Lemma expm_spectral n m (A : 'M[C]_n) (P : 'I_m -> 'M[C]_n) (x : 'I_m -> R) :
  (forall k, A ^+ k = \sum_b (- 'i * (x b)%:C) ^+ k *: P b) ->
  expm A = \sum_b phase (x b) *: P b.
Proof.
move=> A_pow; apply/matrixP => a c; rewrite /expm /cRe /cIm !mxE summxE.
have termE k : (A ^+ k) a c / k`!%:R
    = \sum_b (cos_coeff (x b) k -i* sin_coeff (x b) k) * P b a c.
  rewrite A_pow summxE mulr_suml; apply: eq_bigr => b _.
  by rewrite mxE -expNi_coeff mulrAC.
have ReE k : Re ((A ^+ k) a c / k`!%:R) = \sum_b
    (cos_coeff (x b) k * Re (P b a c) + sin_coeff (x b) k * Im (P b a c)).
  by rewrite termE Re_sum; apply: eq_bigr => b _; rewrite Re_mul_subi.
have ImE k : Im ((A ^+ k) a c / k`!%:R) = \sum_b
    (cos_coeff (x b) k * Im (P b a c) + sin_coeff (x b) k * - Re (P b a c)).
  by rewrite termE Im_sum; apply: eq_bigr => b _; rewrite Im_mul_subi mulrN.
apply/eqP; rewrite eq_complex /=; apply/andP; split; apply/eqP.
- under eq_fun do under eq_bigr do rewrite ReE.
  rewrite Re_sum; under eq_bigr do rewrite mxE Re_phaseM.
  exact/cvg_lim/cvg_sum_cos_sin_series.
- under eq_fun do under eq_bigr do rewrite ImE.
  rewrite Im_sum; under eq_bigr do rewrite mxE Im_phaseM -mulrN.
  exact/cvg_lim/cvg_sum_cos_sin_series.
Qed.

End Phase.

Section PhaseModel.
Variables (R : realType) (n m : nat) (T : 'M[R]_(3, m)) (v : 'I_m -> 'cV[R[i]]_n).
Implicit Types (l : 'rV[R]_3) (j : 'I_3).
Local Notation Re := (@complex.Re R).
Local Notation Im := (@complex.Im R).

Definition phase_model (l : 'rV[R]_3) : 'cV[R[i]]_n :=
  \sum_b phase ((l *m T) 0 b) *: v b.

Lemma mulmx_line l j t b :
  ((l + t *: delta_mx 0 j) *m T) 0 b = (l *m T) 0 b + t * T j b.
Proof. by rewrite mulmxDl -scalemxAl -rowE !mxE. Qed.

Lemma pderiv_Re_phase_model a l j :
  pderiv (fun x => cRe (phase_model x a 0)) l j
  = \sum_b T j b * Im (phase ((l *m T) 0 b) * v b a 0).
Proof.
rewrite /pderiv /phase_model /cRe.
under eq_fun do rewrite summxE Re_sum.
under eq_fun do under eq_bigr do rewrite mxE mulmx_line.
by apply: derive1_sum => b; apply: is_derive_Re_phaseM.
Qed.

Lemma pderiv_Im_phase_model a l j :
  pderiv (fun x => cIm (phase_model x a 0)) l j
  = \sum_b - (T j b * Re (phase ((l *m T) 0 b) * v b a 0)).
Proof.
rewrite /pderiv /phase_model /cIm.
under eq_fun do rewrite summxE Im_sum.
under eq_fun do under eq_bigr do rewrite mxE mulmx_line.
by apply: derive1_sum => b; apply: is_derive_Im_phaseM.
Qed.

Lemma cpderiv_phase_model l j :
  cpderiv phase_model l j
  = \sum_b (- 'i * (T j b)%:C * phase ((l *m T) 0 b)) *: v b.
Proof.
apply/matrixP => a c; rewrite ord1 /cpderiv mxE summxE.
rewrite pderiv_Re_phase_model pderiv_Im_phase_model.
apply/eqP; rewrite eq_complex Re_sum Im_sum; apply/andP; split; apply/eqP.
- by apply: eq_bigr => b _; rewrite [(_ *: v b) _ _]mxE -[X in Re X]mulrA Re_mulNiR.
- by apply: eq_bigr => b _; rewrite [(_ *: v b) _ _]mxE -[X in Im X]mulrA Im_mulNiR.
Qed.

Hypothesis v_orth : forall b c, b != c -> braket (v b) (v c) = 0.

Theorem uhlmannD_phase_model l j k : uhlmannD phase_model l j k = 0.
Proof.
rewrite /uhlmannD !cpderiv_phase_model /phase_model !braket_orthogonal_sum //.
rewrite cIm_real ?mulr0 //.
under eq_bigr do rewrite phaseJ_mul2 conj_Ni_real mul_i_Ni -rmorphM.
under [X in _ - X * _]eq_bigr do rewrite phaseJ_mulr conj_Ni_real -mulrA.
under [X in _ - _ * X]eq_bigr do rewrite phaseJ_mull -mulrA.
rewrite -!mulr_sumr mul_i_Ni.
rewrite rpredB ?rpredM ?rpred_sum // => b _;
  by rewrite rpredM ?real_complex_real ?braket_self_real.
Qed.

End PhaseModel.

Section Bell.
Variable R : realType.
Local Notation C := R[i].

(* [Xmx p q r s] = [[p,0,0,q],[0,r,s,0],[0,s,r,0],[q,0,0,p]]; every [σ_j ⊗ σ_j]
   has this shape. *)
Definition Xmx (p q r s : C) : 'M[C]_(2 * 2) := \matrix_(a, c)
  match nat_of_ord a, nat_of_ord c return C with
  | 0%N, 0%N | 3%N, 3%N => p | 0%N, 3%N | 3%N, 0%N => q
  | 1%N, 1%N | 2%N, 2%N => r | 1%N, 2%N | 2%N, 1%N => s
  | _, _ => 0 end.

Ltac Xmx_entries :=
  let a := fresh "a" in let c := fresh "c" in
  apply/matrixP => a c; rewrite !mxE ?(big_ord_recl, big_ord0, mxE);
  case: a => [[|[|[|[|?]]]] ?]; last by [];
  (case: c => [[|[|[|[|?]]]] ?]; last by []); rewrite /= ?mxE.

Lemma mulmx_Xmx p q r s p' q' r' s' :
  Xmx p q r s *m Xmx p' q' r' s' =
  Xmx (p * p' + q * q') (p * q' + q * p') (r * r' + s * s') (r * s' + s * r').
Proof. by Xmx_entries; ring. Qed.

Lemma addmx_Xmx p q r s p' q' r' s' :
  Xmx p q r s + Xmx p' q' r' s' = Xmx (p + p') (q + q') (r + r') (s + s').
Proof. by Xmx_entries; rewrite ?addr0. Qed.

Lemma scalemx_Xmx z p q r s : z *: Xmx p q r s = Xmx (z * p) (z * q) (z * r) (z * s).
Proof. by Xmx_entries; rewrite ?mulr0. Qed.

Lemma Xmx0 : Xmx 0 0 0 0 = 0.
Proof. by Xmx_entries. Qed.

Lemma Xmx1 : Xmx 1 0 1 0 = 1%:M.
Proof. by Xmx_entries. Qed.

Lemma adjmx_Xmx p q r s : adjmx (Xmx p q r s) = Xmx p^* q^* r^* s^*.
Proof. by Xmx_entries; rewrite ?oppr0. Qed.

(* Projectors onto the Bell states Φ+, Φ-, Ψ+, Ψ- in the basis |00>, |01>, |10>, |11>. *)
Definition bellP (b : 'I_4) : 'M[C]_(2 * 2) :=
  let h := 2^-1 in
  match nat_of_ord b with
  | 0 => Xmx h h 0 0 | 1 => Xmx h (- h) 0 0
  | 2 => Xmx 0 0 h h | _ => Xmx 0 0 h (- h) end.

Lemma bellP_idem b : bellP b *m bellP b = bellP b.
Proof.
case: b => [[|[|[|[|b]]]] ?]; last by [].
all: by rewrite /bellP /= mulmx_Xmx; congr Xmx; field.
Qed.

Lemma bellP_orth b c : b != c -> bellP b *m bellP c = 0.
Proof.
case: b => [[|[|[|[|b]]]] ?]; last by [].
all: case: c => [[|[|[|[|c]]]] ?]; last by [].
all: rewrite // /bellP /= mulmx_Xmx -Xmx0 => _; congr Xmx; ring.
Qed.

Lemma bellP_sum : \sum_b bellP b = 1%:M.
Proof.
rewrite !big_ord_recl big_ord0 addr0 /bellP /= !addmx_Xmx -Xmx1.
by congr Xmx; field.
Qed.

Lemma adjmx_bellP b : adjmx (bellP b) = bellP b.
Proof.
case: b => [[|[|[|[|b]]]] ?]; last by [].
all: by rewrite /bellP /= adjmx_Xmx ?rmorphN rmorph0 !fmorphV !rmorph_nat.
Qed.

□ □ □ □ □

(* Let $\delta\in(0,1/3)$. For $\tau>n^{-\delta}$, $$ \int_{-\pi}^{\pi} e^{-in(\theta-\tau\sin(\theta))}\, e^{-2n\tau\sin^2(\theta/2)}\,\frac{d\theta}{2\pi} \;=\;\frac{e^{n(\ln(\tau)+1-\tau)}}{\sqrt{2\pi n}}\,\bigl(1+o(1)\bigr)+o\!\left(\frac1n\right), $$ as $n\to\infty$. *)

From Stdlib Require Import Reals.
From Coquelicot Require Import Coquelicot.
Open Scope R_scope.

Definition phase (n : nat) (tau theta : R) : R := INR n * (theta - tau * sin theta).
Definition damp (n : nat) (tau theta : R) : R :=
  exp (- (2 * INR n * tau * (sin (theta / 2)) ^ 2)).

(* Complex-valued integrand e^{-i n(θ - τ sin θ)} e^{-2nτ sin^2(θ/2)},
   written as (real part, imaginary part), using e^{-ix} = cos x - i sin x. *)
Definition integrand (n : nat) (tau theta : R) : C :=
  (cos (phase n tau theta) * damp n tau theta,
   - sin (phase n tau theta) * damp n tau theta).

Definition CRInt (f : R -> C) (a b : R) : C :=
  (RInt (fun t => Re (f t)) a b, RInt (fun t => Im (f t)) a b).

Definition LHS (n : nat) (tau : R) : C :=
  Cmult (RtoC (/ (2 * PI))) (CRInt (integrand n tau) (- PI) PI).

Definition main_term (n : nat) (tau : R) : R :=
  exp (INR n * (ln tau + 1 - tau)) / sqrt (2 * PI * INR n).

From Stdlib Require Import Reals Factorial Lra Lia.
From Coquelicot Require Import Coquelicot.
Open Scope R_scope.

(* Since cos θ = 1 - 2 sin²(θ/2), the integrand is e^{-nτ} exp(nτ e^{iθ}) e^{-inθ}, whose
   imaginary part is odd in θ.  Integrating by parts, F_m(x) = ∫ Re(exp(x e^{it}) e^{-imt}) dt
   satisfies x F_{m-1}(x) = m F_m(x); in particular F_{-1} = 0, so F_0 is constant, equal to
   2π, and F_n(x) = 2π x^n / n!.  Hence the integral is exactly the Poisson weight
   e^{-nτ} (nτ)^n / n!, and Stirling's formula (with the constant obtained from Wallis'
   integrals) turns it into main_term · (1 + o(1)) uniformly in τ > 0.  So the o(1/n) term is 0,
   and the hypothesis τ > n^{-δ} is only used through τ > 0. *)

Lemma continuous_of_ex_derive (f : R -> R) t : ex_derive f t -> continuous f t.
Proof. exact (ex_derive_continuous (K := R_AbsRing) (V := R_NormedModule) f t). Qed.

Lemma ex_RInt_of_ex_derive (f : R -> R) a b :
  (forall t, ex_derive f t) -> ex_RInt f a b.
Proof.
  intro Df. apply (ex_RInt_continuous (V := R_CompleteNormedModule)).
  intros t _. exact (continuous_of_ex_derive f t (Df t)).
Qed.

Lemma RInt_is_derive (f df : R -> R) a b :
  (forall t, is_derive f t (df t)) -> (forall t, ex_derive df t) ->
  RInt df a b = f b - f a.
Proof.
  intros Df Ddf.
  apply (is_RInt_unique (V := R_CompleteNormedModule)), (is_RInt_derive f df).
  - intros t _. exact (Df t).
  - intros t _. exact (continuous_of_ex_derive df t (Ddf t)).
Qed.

□ □ □ □ □

From the entries above, select each line containing the string "damp".

Definition damp (n : nat) (tau theta : R) : R :=
  (cos (phase n tau theta) * damp n tau theta,
   - sin (phase n tau theta) * damp n tau theta).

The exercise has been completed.